Вместе с «дядей Ваней» и ненаглядным Осей она проводила целые вечера в мечтах о будущем, которое молодой девушке казалось несомненным, а мечты не нынче-завтра готовыми перейти в действительность.
В это время Зина, в один из приездов домой, сообщила о том, что государыня императрица взялась устроить ее брак с Олениным.
Она рассказала это матери и не утерпела, чтобы не похвастаться и перед сестрой.
— Ему дадут высокое назначение, пожалуют придворное звание и графский титул… Десять тысяч душ крестьян… — приврала, для большего эффекта, Зинаида Владимировна. — Да он и без того очень богат… — добавила она, испугавшись, видимо, сама своих фантастических предположений.
Полина при первом свидании сообщила эту новость Ивану Сергеевичу и Осипу Федоровичу.
Дмитревский глубоко задумался.
Он любил Оленина и понимал, что если это сватовство и состоится, то не обойдется для Виктора Павловича без тяжелых жизненных потрясений, и что ему придется пережить много дрязг и неприятностей и даже лишиться большей части его состояния. Он видел, что и теперь блестящий по виду офицер глубоко несчастен в своей странно и загадочно сложившейся домашней жизни. Кроме того, наконец, Иван Сергеевич не видел для Виктора особого счастья сделаться мужем тщеславной и двуличной девушки, какова была Зинаида Владимировна. Одно только несколько успокаивало Дмитревского, это то, что он знал, что Виктор Павлович давно искренно и горячо любит Зинаиду Похвисневу.
«Он ее совсем не знает… Надо ему открыть глаза, — мелькнула было у него мысль, но он тотчас же оставил ее. — Разве можно разубедить любящего человека в достоинствах любимого им существа?.. Напрасный труд! Это все равно, что маслом брызгать в огонь…»
«Будь, что будет, значит, судьба… А может быть, она, после свадьбы, переменится».
Он вспомнил пословицу: «Женится — переменится».
«Это говорится о мужчинах, но кто знает, быть может иногда касается и женщин… Чем черт не шутит, она может сделаться хорошей женой и доставит ему счастье. Он стоит счастья… Он хороший, честный малый…»
— Что же, дай Бог… — заметил он вслух… — Совет да любовь… Веселым шиком, да за свадебку… На счет титулов да пожалований она приврала, ну, да и без титулов проживут, коли любят друг друга… Так ли, детки? — окинул он любовным взглядом Полину и Гречихина.

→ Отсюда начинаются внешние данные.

Lemma udiag_quad v i :
  let x : 'cV[C]_n := adj S *m delta_mx i 0 in (adj x *m udiag S v *m x) 0 0 = v 0 i.
Proof.
have adj_delta : adj (delta_mx i 0 : 'cV[C]_n) = (delta_mx 0 i : 'rV[C]_n).
  by apply/matrixP => a b; rewrite adj_entry !mxE conjC_nat andbC.
rewrite /= adjM adjK adj_delta /udiag !mulmxA -(mulmxA _ S) unitary_mulmx_adj //.
rewrite mulmx1 -(mulmxA _ S) unitary_mulmx_adj // mulmx1.
by rewrite -rowE -colE !mxE eqxx mulr1n.
Qed.

Lemma effect_udiag_bounds v : effect (udiag S v) -> forall i, 0 <= v 0 i <= 1.
Proof.
move=> [[_ quad_ge0] [_ quad_le1]] i; apply/andP; split.
  by have := quad_ge0 (adj S *m delta_mx i 0); rewrite udiag_quad.
move: (quad_le1 (adj S *m delta_mx i 0)).
by rewrite -udiag_const1 udiagB udiag_quad !mxE subr_ge0.
Qed.

Lemma opnorm_udiag_le v (c : R) :
  0 <= c -> (forall i, 0 <= v 0 i <= c%:C%C) -> opnorm (udiag S v) <= c.
Proof.
move=> c_ge0 v_bd; set Q := udiag S v.
have Q_herm : adj Q = Q by have [] := psd_udiag S (fun i => (andP (v_bd i)).1).
have Q2_le : loewner (Q *m Q) ((c ^+ 2)%:C%C *: 1%:M).
  rewrite udiagM -udiag_const1 udiagZ; apply: loewner_udiag => i.
  rewrite !mxE mulr1 rmorphXn expr2.
  by have /andP[v_ge0 v_le] := v_bd i; apply: ler_pM.
rewrite /opnorm; set E := (X in sup X).
have [->|/set0P E_neq0] := eqVneq E set0; first by rewrite sup0.
apply: ge_sup => // _ [x /= /vnorm1_Re x_Re <-].
rewrite -(ger0_norm c_ge0) -sqrtr_sqr; apply: ler_wsqrtr.
have -> : adj (Q *m x) *m (Q *m x) = adj x *m (Q *m Q) *m x.
  by rewrite adjM Q_herm !mulmxA.
apply: le_trans (loewner_quad_Re x Q2_le) _.
rewrite -scalemxAr mulmx1 -scalemxAl mxE.
by case: ((adj x *m x) 0 0) x_Re => a b /= ->; rewrite !mul0r subr0 mulr1.
Qed.

Lemma effect_udiag_eig_ge v (g : R) : effect (udiag S v) ->
  opnorm (udiag S v) = 1 -> 0 < g < 1 -> exists i, g%:C%C <= v 0 i.
Proof.
move=> Q_effect Q_norm /andP[g_gt0 g_lt1]; apply: contrapT => no_big_eig.
suff : opnorm (udiag S v) <= g by rewrite Q_norm; lra.
apply: opnorm_udiag_le => [|i]; first exact: ltW.
have /andP[v_ge0 _] := effect_udiag_bounds Q_effect i.
have g_real : (g%:C%C : C) \is Num.real by apply: ger0_real; rewrite lecR ltW.
rewrite v_ge0 (real_leNgt (ger0_real v_ge0) g_real) /=.
by apply/negP => /ltW g_le; apply: no_big_eig; exists i.
Qed.

End Unitary.
End UnitaryDiagonal.

Arguments ind_row {R n} B.

Definition superlevel (R : realType) n (lam : 'rV[R[i]]_n) (g : R) : {set 'I_n} :=
  [set i | g%:C%C <= lam 0 i].

Section Sandwich.
Variables (R : realType) (n : nat).
Local Notation C := R[i].
Variables (S : 'M[C]_n) (lam : 'rV[C]_n) (g : R).
Hypothesis lam_bd : forall i, 0 <= lam 0 i <= 1.

Lemma loewner_udiag_ind_lower (A : {set 'I_n}) :
  A \subset superlevel lam g -> loewner (g%:C%C *: udiag S (ind_row A)) (udiag S lam).
Proof.
move=> A_sub; rewrite udiagZ; apply: loewner_udiag => i; rewrite !mxE.
have /andP[lam_ge0 _] := lam_bd i.
case: (boolP (i \in A)) => [/(fintype.subsetP A_sub)|_]; last by rewrite mulr0.
by rewrite inE mulr1.
Qed.

Lemma loewner_udiag_ind_upper (A : {set 'I_n}) : 0 <= g -> unitary S ->
  superlevel lam g \subset A ->
  loewner (udiag S lam) ((1 - g)%:C%C *: udiag S (ind_row A) + g%:C%C *: 1%:M).
Proof.
move=> g_ge0 S_unitary A_sup; rewrite -(udiag_const1 S_unitary) !udiagZ udiagD.
apply: loewner_udiag => i; rewrite !mxE mulr1; have /andP[lam_ge0 lam_le1] := lam_bd i.
case: (boolP (i \in A)) => [_|iA]; first by rewrite mulr1 rmorphB rmorph1 subrK.
have : i \notin superlevel lam g by apply: contra iA => /(fintype.subsetP A_sup).
by rewrite inE -real_ltNge ?ger0_real ?lecR // mulr0 add0r => /ltW.
Qed.

End Sandwich.

(* [s] sends the [k]-th entry of [enum A ++ enum (~: A)] to the [k]-th entry of
   [enum B ++ enum (~: B)]. *)
Lemma perm_of_card_eq (T : finType) (A B : {set T}) :
  #|A| = #|B| -> exists s : {perm T}, forall x, (s x \in B) = (x \in A).
Proof.
move=> card_AB.
pose sA := enum A ++ enum (~: A); pose sB := enum B ++ enum (~: B).
have uniq_sB : uniq sB.
  by rewrite cat_uniq !enum_uniq andbT /=; apply/hasPn => x; rewrite !mem_enum inE.
have mem_sA x : x \in sA by rewrite mem_cat !mem_enum inE orbN.
have size_sA : size sA = #|T| by rewrite size_cat -!cardE cardsC.
have size_sB : size sB = #|T| by rewrite size_cat -!cardE cardsC.
pose f x := nth x sB (index x sA).
have index_lt x : (index x sA < #|T|)%N by rewrite -size_sA index_mem.
have f_inj : injective f.
  move=> x y; rewrite /f (set_nth_default y x) ?size_sB //.
  move/eqP; rewrite nth_uniq ?size_sB // => /eqP eq_index.
  by rewrite -(nth_index x (mem_sA x)) eq_index (set_nth_default y x) ?size_sA // nth_index.
exists (perm f_inj) => x; rewrite permE /f.
have -> : (x \in A) = (index x sA < #|A|)%N.
  rewrite /sA index_cat mem_enum; case: ifP => xA; first by rewrite cardE index_mem mem_enum xA.
  by rewrite -cardE ltnNge leq_addr.
rewrite card_AB nth_cat -cardE; case: ifP => x_lt; first by rewrite -mem_enum mem_nth // -cardE.
have : (index x sA - #|B| < size (enum (~: B)))%N.
  by rewrite -cardE ltn_subLR ?cardsC // leqNgt x_lt.
by move=> /(mem_nth x); rewrite mem_enum inE => /negbTE ->.
Qed.

Lemma card_ord_lt n k : (k <= n)%N -> #|[set j : 'I_n | (j < k)%N]| = k.
Proof.
move=> k_le_n; have widen_inj : injective (widen_ord k_le_n).
  by move=> a b /(congr1 val) /= /val_inj.
suff -> : [set j : 'I_n | (j < k)%N] = widen_ord k_le_n @: [set: 'I_k].
  by rewrite card_imset // cardsT card_ord.
apply/setP => j; rewrite inE; apply/idP/imsetP => [jk|[a _ ->]] /=; last exact: ltn_ord.
by exists (Ordinal jk); rewrite ?inE //; apply: val_inj.
Qed.

Lemma mxrank_unit_conj (F : fieldType) n (U X W : 'M[F]_n) :
  U \in unitmx -> W \in unitmx -> \rank (U *m X *m W) = \rank X.
Proof.
move=> U_unit W_unit; rewrite mxrankMfree ?row_free_unit //.
apply/eqP; rewrite eqn_leq mxrankM_maxr /=.
by rewrite -{1}(mulKmx U_unit X) mxrankM_maxr.
Qed.

Section Diagonalization.
Variables (R : realType) (n : nat).
Local Notation C := R[i].

Lemma hermitian_udiag (A : 'M[C]_n) :
  adj A = A -> exists S v, unitary S /\ A = udiag S v.
Proof.
move=> A_herm.
have /orthomx_spectralP : A \is normalmx by apply/eqP; rewrite -adjE A_herm.
have := spectral_unitarymx A.
set S := spectralmx A; set v := spectral_diag A => S_unitary A_eq.
exists S, v; split.
  by apply: mulmx1C; move/unitarymxP: S_unitary; rewrite -adjE.
by rewrite /udiag {1}A_eq (invmx_unitary S_unitary) -adjE.
Qed.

— Конечно же так! — в один голос, со вздохом отвечали они.
— О чем же вы так вздыхаете?.. Зависть, что ли, берет на других, хочется поскорей и самим под венец?.. Хочется?..
— Хочется… — в один голос снова ответили молодые люди.
— Потерпите немножко… Дайте одну свадьбу справить… По старине так и следует, чтобы старшая раньше выходила замуж… А там и за вас примемся, живо тоже окрутим… Мамаша-то с папашей, пристроив дочку, будут в елейном настроении духа… ну, авось не откажут… Я уже сказал, что за вас ходатайствовал… Устрою, все устрою, только подождите немножко…
— Мы ждем, ждем… — опять в один голос воскликнули Полина и Гречихин.
— А там меня, старика, и крестить зовите.
Полина густо покраснела. Лицо Осипа Федоровича приняло смущенно-серьезное выражение.